DATA RECORDS section start
Lemma NoDup_map_fst_eq (B : Type) (l : list (Act * B)) p p' :
  NoDup (map fst l) -> In p l -> In p' l -> fst p = fst p' -> p = p'.
Proof.
  induction l as [| q l IH]; simpl; intros Hn H H' E; [contradiction |].
  inversion Hn as [| ? ? Hq Hl]; subst.
  destruct H as [<- | H]; destruct H' as [<- | H']; auto.
  - exfalso; apply Hq; rewrite E; apply in_map; exact H'.
  - exfalso; apply Hq; rewrite <- E; apply in_map; exact H.
Qed.

Lemma sum_list_act_step l a r :
  act_step (sum_list l) a r -> exists e, In e l /\ act_step e a r.
Proof.
  induction l as [| e l IH]; simpl; intros H; [inversion H |].
  apply act_step_plus_iff in H as [H | H].
  - exists e; auto.
  - destruct (IH H) as [e' [He' H']]; exists e'; auto.
Qed.

Lemma sum_list_top_verdict l v :
  top_verdict v (sum_list l) -> v = VEnd \/ exists e, In e l /\ top_verdict v e.
Proof.
  induction l as [| e l IH]; simpl; intros H; [auto |].
  destruct H as [H | H]; [right; exists e; auto |].
  destruct (IH H) as [? | [e' [He' H']]]; [left | right; exists e']; auto.
Qed.

Lemma nf_act_step acts vars byes bno a r :
  act_step (nf_build acts vars byes bno) a r -> exists p, In p acts /\ fst p = a /\ r = snd p.
Proof.
  unfold nf_build; intros H; destruct (sum_list_act_step H) as [e [He Hr]].
  rewrite !in_app_iff, !in_map_iff in He.
  destruct He as [[p [<- Hp]] | [[y [<- _]] | [He | He]]].
  - inversion Hr; subst; exists p; auto.
  - inversion Hr.
  - destruct byes; simpl in He; [destruct He as [<- | []] | contradiction]; inversion Hr.
  - destruct bno; simpl in He; [destruct He as [<- | []] | contradiction]; inversion Hr.
Qed.

Lemma nf_top_verdict acts vars byes bno v :
  top_verdict v (nf_build acts vars byes bno) ->
  v = VEnd \/ (v = VYes /\ byes = true) \/ (v = VNo /\ bno = true).
Proof.
  unfold nf_build; intros H.
  destruct (sum_list_top_verdict H) as [-> | [e [He Hv]]]; [auto |].
  rewrite !in_app_iff, !in_map_iff in He.
  destruct He as [[p [<- _]] | [[y [<- _]] | [He | He]]]; simpl in Hv; try contradiction.
  - destruct byes; simpl in He; [destruct He as [<- | []] | contradiction]; simpl in Hv; subst; intuition.
  - destruct bno; simpl in He; [destruct He as [<- | []] | contradiction]; simpl in Hv; subst; intuition.
Qed.

Lemma eqm_nf_top_verdict m acts vars byes bno v :
  eqm m (nf_build acts vars byes bno) -> top_verdict v m ->
  v = VEnd \/ (v = VYes /\ byes = true) \/ (v = VNo /\ bno = true).
Proof.
  intros E H; destruct v; [auto | |];
    apply (@nf_top_verdict acts vars); refine (proj1 (eqm_top_verdict _ E) H); discriminate.
Qed.

Lemma ornf_act_step m a m1 :
  ornf m -> act_step m a m1 -> exists q, ornf q /\ forall m2, act_step m a m2 -> eqm m2 q.
Proof.
  intros [m0 acts vars byes bno Heq Hnd Hsub _ _ _ _ _] H.
  destruct (eqm_act_step Heq H) as [r [Hr _]].
  destruct (nf_act_step Hr) as [p [Hp [Ha _]]].
  exists (snd p); split; [exact (proj1 (Hsub p Hp)) |].
  intros m2 H2.
  destruct (eqm_act_step Heq H2) as [r2 [Hr2 E2]].
  destruct (nf_act_step Hr2) as [p2 [Hp2 [Ha2 ->]]].
  replace p with p2 by (apply (NoDup_map_fst_eq Hnd); auto; congruence); exact E2.
Qed.

Lemma ornf_act_steps_det m u q1 q2 :
  ornf m -> act_steps m u q1 -> act_steps m u q2 -> eqm q1 q2.
Proof.
  revert m q1 q2; induction u as [| a u IH]; intros m q1 q2 Ho H1 H2.
  - rewrite (act_steps_nil_inv H1), (act_steps_nil_inv H2); apply eqm_refl.
  - destruct (act_steps_cons_inv H1) as [m1 [Hm1 Hq1]].
    destruct (act_steps_cons_inv H2) as [m2 [Hm2 Hq2]].
    destruct (ornf_act_step Ho Hm1) as [q [Hq Hdet]].
    destruct (eqm_act_steps (Hdet _ Hm1) Hq1) as [r1 [Hr1 E1]].
    destruct (eqm_act_steps (Hdet _ Hm2) Hq2) as [r2 [Hr2 E2]].
    eapply eqm_trans; [exact E1 |].
    eapply eqm_trans; [exact (IH _ _ _ Hq Hr1 Hr2) | apply eqm_sym; exact E2].
Qed.

Lemma ornf_yes_no m : ornf m -> top_verdict VYes m -> top_verdict VNo m -> eqm m (TPlus Yes No).
Proof.
  intros [m0 acts vars byes bno Heq _ _ _ _ Hyn _ _] Hy Hn; apply Hyn.
  - destruct (eqm_nf_top_verdict Heq Hy) as [? | [[_ ?] | [? _]]]; congruence.
  - destruct (eqm_nf_top_verdict Heq Hn) as [? | [[? _] | [_ ?]]]; congruence.
Qed.

Lemma ornf_opposite_end m v w s t m' :
  ornf m -> opposite v w -> top_verdict v m ->
  s <> [] -> act_steps m s t -> eqm t (TPlus (TV w) m') -> eqm m' End.
Proof.
  intros [m0 acts vars byes bno Heq _ _ _ _ _ Hyes Hno] [[-> ->] | [-> ->]] Hv Hs Ht E.
  - refine (Hyes _ s t m' Hs (act_steps_steps Ht) E).
    destruct (eqm_nf_top_verdict Heq Hv) as [? | [[_ ?] | [? _]]]; congruence.
  - refine (Hno _ s t m' Hs (act_steps_steps Ht) E).
    destruct (eqm_nf_top_verdict Heq Hv) as [? | [[? _] | [_ ?]]]; congruence.
Qed.

Lemma ornf_both_verdicts_no_var m v w s r x :
  ornf m -> opposite v w -> top_verdict v m -> top_verdict w m ->
  act_steps m s r -> ~ top_var x r.
Proof.
  intros Ho Hvw Hv Hw.
  assert (E : eqm m (TPlus Yes No)).
  { destruct Hvw as [[-> ->] | [-> ->]]; [exact (ornf_yes_no Ho Hv Hw) | exact (ornf_yes_no Ho Hw Hv)]. }
  exact (eqm_verdict_only_no_top_var (p := TPlus Yes No) (conj I I) E).
Qed.

(* The reduced-form condition makes the term reached with summand [w] equal to
   [w] (up to [end]), and by determinism so is the term [m] reaches along the
   same prefix of [a :: s]; a verdict has no variable summand. *)
Lemma ornf_opposite_no_var m v w a t1 s r x :
  ornf m -> opposite v w -> top_verdict v m ->
  act_step m a t1 -> prefix_verdict t1 s w -> act_steps m (a :: s) r -> ~ top_var x r.
Proof.
  intros Ho Hvw Hv Ha [u1 [u2 [r1 [-> [Hr1 Hw]]]]] H.
  destruct (top_verdict_summand Hw) as [m' E].
  assert (Hpath : act_steps m (a :: u1) r1) by (econstructor; eassumption).
  assert (Eend : eqm m' End).
  { refine (ornf_opposite_end Ho Hvw Hv _ Hpath E); discriminate. }
  destruct (act_steps_app_inv (u := a :: u1) H) as [q [Hq Hz]].
  refine (eqm_verdict_only_no_top_var (p := TPlus (TV w) End) (conj I I) _ Hz).
  eapply eqm_trans; [exact (ornf_act_steps_det Ho Hq Hpath) |].
  eapply eqm_trans; [exact E | apply eqm_plus; [apply eqm_refl | exact Eend]].
Qed.

Lemma ornf_var_excludes_opposite_verdicts m s r x v w :
  ornf m -> opposite v w -> act_steps m s r -> top_var x r ->
  prefix_verdict m s v -> prefix_verdict m s w -> False.
Proof.
  intros Ho Hvw; revert m r Ho; induction s as [| a s IH]; intros m r Ho Hr Hx Hv Hw.
  - exact (ornf_both_verdicts_no_var Ho Hvw (prefix_verdict_nil_inv Hv)
             (prefix_verdict_nil_inv Hw) Hr Hx).
  - destruct (prefix_verdict_cons_inv Hv) as [Hv0 | [t1 [Ht1 Hv1]]];
      destruct (prefix_verdict_cons_inv Hw) as [Hw0 | [t2 [Ht2 Hw2]]].
    + exact (ornf_both_verdicts_no_var Ho Hvw Hv0 Hw0 Hr Hx).
    + exact (ornf_opposite_no_var Ho Hvw Hv0 Ht2 Hw2 Hr Hx).
    + exact (ornf_opposite_no_var Ho (opposite_sym Hvw) Hw0 Ht1 Hv1 Hr Hx).
    + destruct (opposite_not_end Hvw) as [Hv_end Hw_end].
      destruct (act_steps_cons_inv Hr) as [m1 [Hm1 Hr1]].
      destruct (ornf_act_step Ho Hm1) as [q [Hq Hdet]].
      destruct (eqm_act_steps (Hdet _ Hm1) Hr1) as [r' [Hr' E]].
      apply (IH q r' Hq Hr').
      * exact (proj1 (eqm_top_var x E) Hx).
      * exact (prefix_verdict_eqm Hv_end (Hdet _ Ht1) Hv1).
      * exact (prefix_verdict_eqm Hw_end (Hdet _ Ht2) Hw2).
Qed.

End Monitors.

Theorem mainTheorem11 (Act Var : Type) (HAct : inhabited Act)
  (m n : term Act Var) :
  meq m n -> ornf m ->
  forall (s : list Act) (x : Var) (m'' : term Act Var),
    steps m s m'' -> has_summand x m'' ->
    (forall (sp s2 : list Act) (t : term Act Var),
        s = sp ++ s2 -> s2 <> [] -> steps m sp t -> ~ has_summand x t) ->
    exists n'', steps n s n'' /\ has_summand x n''.
Proof.
  intros Hmn Hm s x m'' Hs Hsum Hmin.
  pose proof (has_summand_top_var Hsum) as Hx.
  assert (Hps : act_steps m s m'').
  { destruct (steps_act_steps Hs) as [H | [w ->]]; [exact H | contradiction Hx]. }
  assert (Hmin' : forall u z r, s = u ++ z -> z <> [] -> act_steps m u r -> ~ top_var x r).
  { intros u z r E Hz Hr Hrx; exact (Hmin u z r E Hz (act_steps_steps Hr) (top_var_summand Hrx)). }
  assert (Hv : exists v, v <> VEnd /\ ~ prefix_verdict m s v).
  { destruct (classic (prefix_verdict m s VYes)) as [Hy | Hy].
    - exists VNo; split; [discriminate |]; intros Hn.
      exact (ornf_var_excludes_opposite_verdicts Hm (or_introl (conj eq_refl eq_refl)) Hps Hx Hy Hn).
    - exists VYes; split; [discriminate | exact Hy]. }
  destruct Hv as [v [Hv Hns]].
  destruct (prefix_var_transfer (fun u => meq_prefix_verdict u Hmn Hv)
              (fun u => meq_prefix_verdict_or_var x u Hmn Hv) Hns (prefix_var_self Hps Hx) Hmin')
    as [r [Hr Hrx]].
  exists r; split; [exact (act_steps_steps Hr) | exact (top_var_summand Hrx)].
Qed.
DATA RECORDS section end
#### WORK TO BE COMPLETED:
Filter on the word "congruence": copy each matching line from the entries above.

#### WRITTEN REPLY:
  replace p with p2 by (apply (NoDup_map_fst_eq Hnd); auto; congruence); exact E2.
  - destruct (eqm_nf_top_verdict Heq Hy) as [? | [[_ ?] | [? _]]]; congruence.
  - destruct (eqm_nf_top_verdict Heq Hn) as [? | [[? _] | [_ ?]]]; congruence.
    destruct (eqm_nf_top_verdict Heq Hv) as [? | [[_ ?] | [? _]]]; congruence.
    destruct (eqm_nf_top_verdict Heq Hv) as [? | [[? _] | [_ ?]]]; congruence.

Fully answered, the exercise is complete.